### [Stored data entries]
• • • • •

(* Every $\operatorname{B}$-set $B\subset\mathbb{R}^2$ has positive reach.
   Context: A set has positive reach if there is $\varepsilon>0$ such that every point at distance less than $\varepsilon$ from it has a unique nearest point in it. A function $f$ on an open interval is semiconcave if $f(x)-\frac c2x^2$ is concave for some $c\geq0$, and semiconvex if $-f$ is semiconcave. $M\subset\mathbb{R}^2$ is a $\operatorname{B}_-$-set if there are $r>0$ and Lipschitz functions $\psi\leq0\leq\varphi$ on $[0,r]$ with $\varphi$ semiconcave on $(0,r)$, $\psi$ semiconvex on $(0,r)$, $\varphi(0)=\psi(0)=0$, $\varphi'_+(0)=\psi'_+(0)=0$ and $M=\{(x,y):x\in[0,r],\ \psi(x)\leq y\leq\varphi(x)\}$; a $\operatorname{B}_+$-set is defined the same way with $[-r,r]$, $(-r,r)$ and $\varphi'(0)=\psi'(0)=0$; a $\operatorname{B}$-set is a $\operatorname{B}_-$-set or a $\operatorname{B}_+$-set. *)

From Stdlib Require Import Reals.
Open Scope R_scope.

Definition point := (R * R)%type.

Definition dist2 (p q : point) : R :=
  sqrt ((fst p - fst q)^2 + (snd p - snd q)^2).

Definition nearest (M : point -> Prop) (x m : point) : Prop :=
  M m /\ forall m', M m' -> dist2 x m <= dist2 x m'.

(* positive reach: exists eps > 0 such that every point at distance < eps
   from M (i.e. dist(x,M) < eps, equivalently some m in M with |x-m| < eps)
   has a unique nearest point in M *)
Definition positive_reach (M : point -> Prop) : Prop :=
  exists eps, 0 < eps /\
    forall x : point, (exists m, M m /\ dist2 x m < eps) ->
      exists! m, nearest M x m.

Definition lipschitz_on (f : R -> R) (a b : R) : Prop :=
  exists L, forall x y, a <= x <= b -> a <= y <= b ->
    Rabs (f x - f y) <= L * Rabs (x - y).

Definition concave_on (f : R -> R) (a b : R) : Prop :=
  forall x y t, a < x < b -> a < y < b -> 0 <= t <= 1 ->
    t * f x + (1 - t) * f y <= f (t * x + (1 - t) * y).

Definition semiconcave_on (f : R -> R) (a b : R) : Prop :=
  exists c, 0 <= c /\ concave_on (fun x => f x - c / 2 * x ^ 2) a b.

Definition semiconvex_on (f : R -> R) (a b : R) : Prop :=
  semiconcave_on (fun x => - f x) a b.

Definition right_deriv0_zero (f : R -> R) : Prop :=
  forall e, 0 < e -> exists d, 0 < d /\
    forall h, 0 < h < d -> Rabs ((f h - f 0) / h) <= e.

Definition deriv0_zero (f : R -> R) : Prop :=
  forall e, 0 < e -> exists d, 0 < d /\
    forall h, h <> 0 -> Rabs h < d -> Rabs ((f h - f 0) / h) <= e.

Definition B_minus_set (M : point -> Prop) : Prop :=
  exists r (phi psi : R -> R), 0 < r /\
    lipschitz_on phi 0 r /\ lipschitz_on psi 0 r /\
    (forall x, 0 <= x <= r -> psi x <= 0 <= phi x) /\
    semiconcave_on phi 0 r /\ semiconvex_on psi 0 r /\
    phi 0 = 0 /\ psi 0 = 0 /\
    right_deriv0_zero phi /\ right_deriv0_zero psi /\
    (forall p : point, M p <->
       (0 <= fst p <= r /\ psi (fst p) <= snd p <= phi (fst p))).

Definition B_plus_set (M : point -> Prop) : Prop :=
  exists r (phi psi : R -> R), 0 < r /\
    lipschitz_on phi (- r) r /\ lipschitz_on psi (- r) r /\
    (forall x, - r <= x <= r -> psi x <= 0 <= phi x) /\
    semiconcave_on phi (- r) r /\ semiconvex_on psi (- r) r /\
    phi 0 = 0 /\ psi 0 = 0 /\
    deriv0_zero phi /\ deriv0_zero psi /\
    (forall p : point, M p <->
       (- r <= fst p <= r /\ psi (fst p) <= snd p <= phi (fst p))).

Definition B_set (M : point -> Prop) : Prop := B_minus_set M \/ B_plus_set M.

(* A region between the graphs of Lipschitz functions psi <= phi over [a, b] is
   compact, so every point x has a nearest point in it.  If x had two nearest
   points m1 <> m2 at distance delta, the midpoint m of [m1, m2] would be closer
   to x by |m1 - m2|^2 / 4.  Semiconcavity of phi and semiconvexity of psi with
   constant c put a point of the region on the vertical line through m within
   c |m1 - m2|^2 / 8 of m, and moving m there costs less than the gain once
   delta is small compared to 1 / c. *)

From Stdlib Require Import Reals Lra Psatz.
Open Scope R_scope.

Lemma Rle_of_le_shift_small (G H K : R) :
  0 <= K -> (forall d, 0 < d < 1 -> G <= H + K * d) -> G <= H.
Proof.
  intros HK Hsmall; apply Rle_plus_epsilon; intros eps Heps.
  set (d := Rmin (1 / 2) (eps / (K + 1))).
  assert (Hd : 0 < d <= eps / (K + 1)).
  { unfold d, Rmin; destruct Rle_dec; split; try lra;
      apply Rdiv_lt_0_compat; lra. }
  assert (Hd1 : d < 1) by (unfold d; pose proof (Rmin_l (1 / 2) (eps / (K + 1))); lra).
  assert (HKd : K * d <= eps).
  { apply Rle_trans with (K * (eps / (K + 1))); [apply Rmult_le_compat_l; lra|].
    apply Rmult_le_reg_r with (K + 1); [lra|].
    replace (K * (eps / (K + 1)) * (K + 1)) with (K * eps) by (field; lra). nra. }
  specialize (Hsmall d (conj (proj1 Hd) Hd1)); lra.
Qed.

Lemma Rabs_le_between (z B : R) : Rabs z <= B -> - B <= z <= B.
Proof.
  intros Hz; pose proof (Rle_abs z); pose proof (Rle_abs (- z)).
  rewrite Rabs_Ropp in *; lra.
Qed.

Definition clamp (lo hi t : R) : R := Rmax lo (Rmin t hi).

Lemma clamp_in (lo hi t : R) : lo <= hi -> lo <= clamp lo hi t <= hi.
Proof. intros; unfold clamp, Rmax, Rmin; repeat destruct Rle_dec; lra. Qed.

Lemma clamp_id (lo hi t : R) : lo <= t <= hi -> clamp lo hi t = t.
Proof. intros; unfold clamp, Rmax, Rmin; repeat destruct Rle_dec; lra. Qed.

Lemma clamp_lipschitz (lo hi t lo' hi' t' : R) :
  Rabs (clamp lo hi t - clamp lo' hi' t')
  <= Rabs (lo - lo') + Rabs (hi - hi') + Rabs (t - t').
Proof.
  unfold clamp, Rmax, Rmin; repeat destruct Rle_dec;
    unfold Rabs; repeat destruct Rcase_abs; lra.
Qed.

Lemma clamp_nearest (lo hi t y : R) :
  lo <= y <= hi -> (t - clamp lo hi t) ^ 2 <= (t - y) ^ 2.
Proof.
  intros; unfold clamp, Rmax, Rmin; repeat destruct Rle_dec; try nra.
  all: rewrite Rminus_diag; pose proof (pow2_ge_0 (t - y)); simpl; lra.
Qed.

Lemma clamp_near (lo hi t d : R) :
  lo <= hi -> 0 <= d -> lo <= t + d -> t - d <= hi -> Rabs (clamp lo hi t - t) <= d.
Proof.
  intros; unfold clamp, Rmax, Rmin; repeat destruct Rle_dec;
    unfold Rabs; destruct Rcase_abs; lra.
Qed.

Definition lipschitz_with (f : R -> R) (a b L : R) : Prop :=
  forall x y, a <= x <= b -> a <= y <= b -> Rabs (f x - f y) <= L * Rabs (x - y).

Lemma lipschitz_on_nonneg (f : R -> R) (a b : R) :
  lipschitz_on f a b -> exists L, 0 <= L /\ lipschitz_with f a b L.
Proof.
  intros [L HL]; exists (Rabs L); split; [apply Rabs_pos|].
  intros x y Hx Hy; eapply Rle_trans; [exact (HL x y Hx Hy)|].
  apply Rmult_le_compat_r; [apply Rabs_pos | apply RRle_abs].
Qed.

Lemma lipschitz_on_opp (f : R -> R) (a b : R) :
  lipschitz_on f a b -> lipschitz_on (fun x => - f x) a b.
Proof.
  intros [L HL]; exists L; intros x y Hx Hy.
  replace (- f x - - f y) with (- (f x - f y)) by ring.
  rewrite Rabs_Ropp; auto.
Qed.

Lemma lipschitz_with_clamp (f : R -> R) (a b L : R) :
  a <= b -> 0 <= L -> lipschitz_with f a b L ->
  forall t t', Rabs (f (clamp a b t) - f (clamp a b t')) <= L * Rabs (t - t').
Proof.
  intros Hab HL Hf t t'.
  eapply Rle_trans; [apply Hf; apply clamp_in; exact Hab|].
  apply Rmult_le_compat_l; [exact HL|].
  pose proof (clamp_lipschitz a b t a b t') as Hclamp.
  rewrite !Rminus_diag, Rabs_R0 in Hclamp; lra.
Qed.

Lemma lipschitz_continuity_pt (f : R -> R) (K : R) :
  0 <= K -> (forall t t', Rabs (f t - f t') <= K * Rabs (t - t')) ->
  forall t, continuity_pt f t.
Proof.
  intros HK Hf t eps Heps.
  exists (eps / (K + 1)); split; [apply Rdiv_lt_0_compat; lra|].
  intros y [_ Hy]; simpl in *; unfold R_dist in *.
  eapply Rle_lt_trans; [apply Hf|].
  assert (eps / (K + 1) * (K + 1) = eps) by (field; lra).
  pose proof (Rabs_pos (y - t)); nra.
Qed.

Lemma continuity_pt_sqr_dev (u : R) (f : R -> R) (t : R) :
  continuity_pt f t -> continuity_pt (fun s => (u - f s) ^ 2) t.
Proof.
  intros Hf; apply (continuity_pt_comp f (fun y => (u - y) ^ 2)); [exact Hf | reg].
Qed.

(* The identity ((p + q) / 2)^2 = (p^2 + q^2) / 2 - (q - p)^2 / 4 turns the
   c / 2 x^2 correction of [semiconcave_on] into c / 8 (q - p)^2 at midpoints. *)
Definition midpoint_semiconcave (f : R -> R) (a b c : R) : Prop :=
  forall p q, a <= p <= b -> a <= q <= b ->
    (f p + f q) / 2 - c / 8 * (q - p) ^ 2 <= f ((p + q) / 2).

Lemma midpoint_semiconcave_mono (f : R -> R) (a b c c' : R) :
  c <= c' -> midpoint_semiconcave f a b c -> midpoint_semiconcave f a b c'.
Proof.
  intros Hcc Hf p q Hp Hq; specialize (Hf p q Hp Hq).
  pose proof (pow2_ge_0 (q - p)); nra.
Qed.

Lemma concave_midpoint_open (f : R -> R) (a b c p q : R) :
  concave_on (fun x => f x - c / 2 * x ^ 2) a b -> a < p < b -> a < q < b ->
  (f p + f q) / 2 - c / 8 * (q - p) ^ 2 <= f ((p + q) / 2).
Proof.
  intros Hconc Hp Hq.
  pose proof (Hconc p q (1 / 2) Hp Hq ltac:(lra)) as H; cbv beta in H.
  replace (1 / 2 * p + (1 - 1 / 2) * q) with ((p + q) / 2) in H by field.
  assert (((p + q) / 2) ^ 2 = 1 / 2 * p ^ 2 + (1 - 1 / 2) * q ^ 2 - (q - p) ^ 2 / 4)
    by field.
  lra.
Qed.

(* Endpoints are reached by shrinking p, q towards the centre of [a, b] by a
   factor 1 - d: the three values of f move by at most L d (b - a), and the
   penalty term only decreases. *)
Lemma semiconcave_on_midpoint (f : R -> R) (a b : R) :
  a < b -> lipschitz_on f a b -> semiconcave_on f a b ->
  exists c, 0 <= c /\ midpoint_semiconcave f a b c.
Proof.
  intros Hab Hlip [c [Hc Hconc]].
  destruct (lipschitz_on_nonneg f a b Hlip) as [L [HL Hf]].
  exists c; split; [exact Hc|]; intros p q Hp Hq.
  apply Rle_of_le_shift_small with (K := 2 * L * (b - a)); [nra|]; intros d Hd.
  set (o := (a + b) / 2).
  set (p' := p + d * (o - p)); set (q' := q + d * (o - q)).
  assert (Hshrink : forall t, a <= t <= b ->
    a < t + d * (o - t) < b /\ Rabs (t + d * (o - t) - t) <= d * (b - a)).
  { intros t Ht; unfold o.
    assert (0 <= (1 - d) * (t - a)) by (apply Rmult_le_pos; lra).
    assert (0 <= (1 - d) * (b - t)) by (apply Rmult_le_pos; lra).
    split; [split; nra|]; apply Rabs_le; split; nra. }
  destruct (Hshrink p Hp) as [Hp' Hpp']; destruct (Hshrink q Hq) as [Hq' Hqq'].
  fold p' in Hp', Hpp'; fold q' in Hq', Hqq'.
  destruct (Hshrink ((p + q) / 2) ltac:(lra)) as [_ Hmm'].
  replace ((p + q) / 2 + d * (o - (p + q) / 2)) with ((p' + q') / 2) in Hmm'
    by (unfold p', q'; field).
  assert (Hopen := concave_midpoint_open f a b c p' q' Hconc Hp' Hq').
  assert (Hmove : forall s t, a <= s <= b -> a <= t <= b ->
    Rabs (s - t) <= d * (b - a) -> Rabs (f s - f t) <= L * (d * (b - a))).
  { intros s t Hs Ht Hst; eapply Rle_trans; [apply Hf; assumption|].
    apply Rmult_le_compat_l; assumption. }
  apply Rabs_le_between in Hpp', Hqq', Hmm'.
  pose proof (Rabs_le_between _ _ (Hmove p' p ltac:(lra) Hp ltac:(apply Rabs_le; lra))).
  pose proof (Rabs_le_between _ _ (Hmove q' q ltac:(lra) Hq ltac:(apply Rabs_le; lra))).
  pose proof (Rabs_le_between _ _
    (Hmove ((p' + q') / 2) ((p + q) / 2) ltac:(lra) ltac:(lra) ltac:(apply Rabs_le; lra))).
  assert (Hpen : c / 8 * (q' - p') ^ 2 <= c / 8 * (q - p) ^ 2).
  { replace (q' - p') with ((1 - d) * (q - p)) by (unfold p', q'; ring).
    apply Rmult_le_compat_l; [lra|]; rewrite Rpow_mult_distr.
    assert (0 <= (1 - d) ^ 2 <= 1) by (split; nra).
    pose proof (pow2_ge_0 (q - p)); nra. }
  nra.
Qed.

• • • • •

### [EXERCISE DIRECTIONS]
Please count how many lines of the records include "exact", giving the number and nothing else.

### [WRITTEN SOLUTION]
5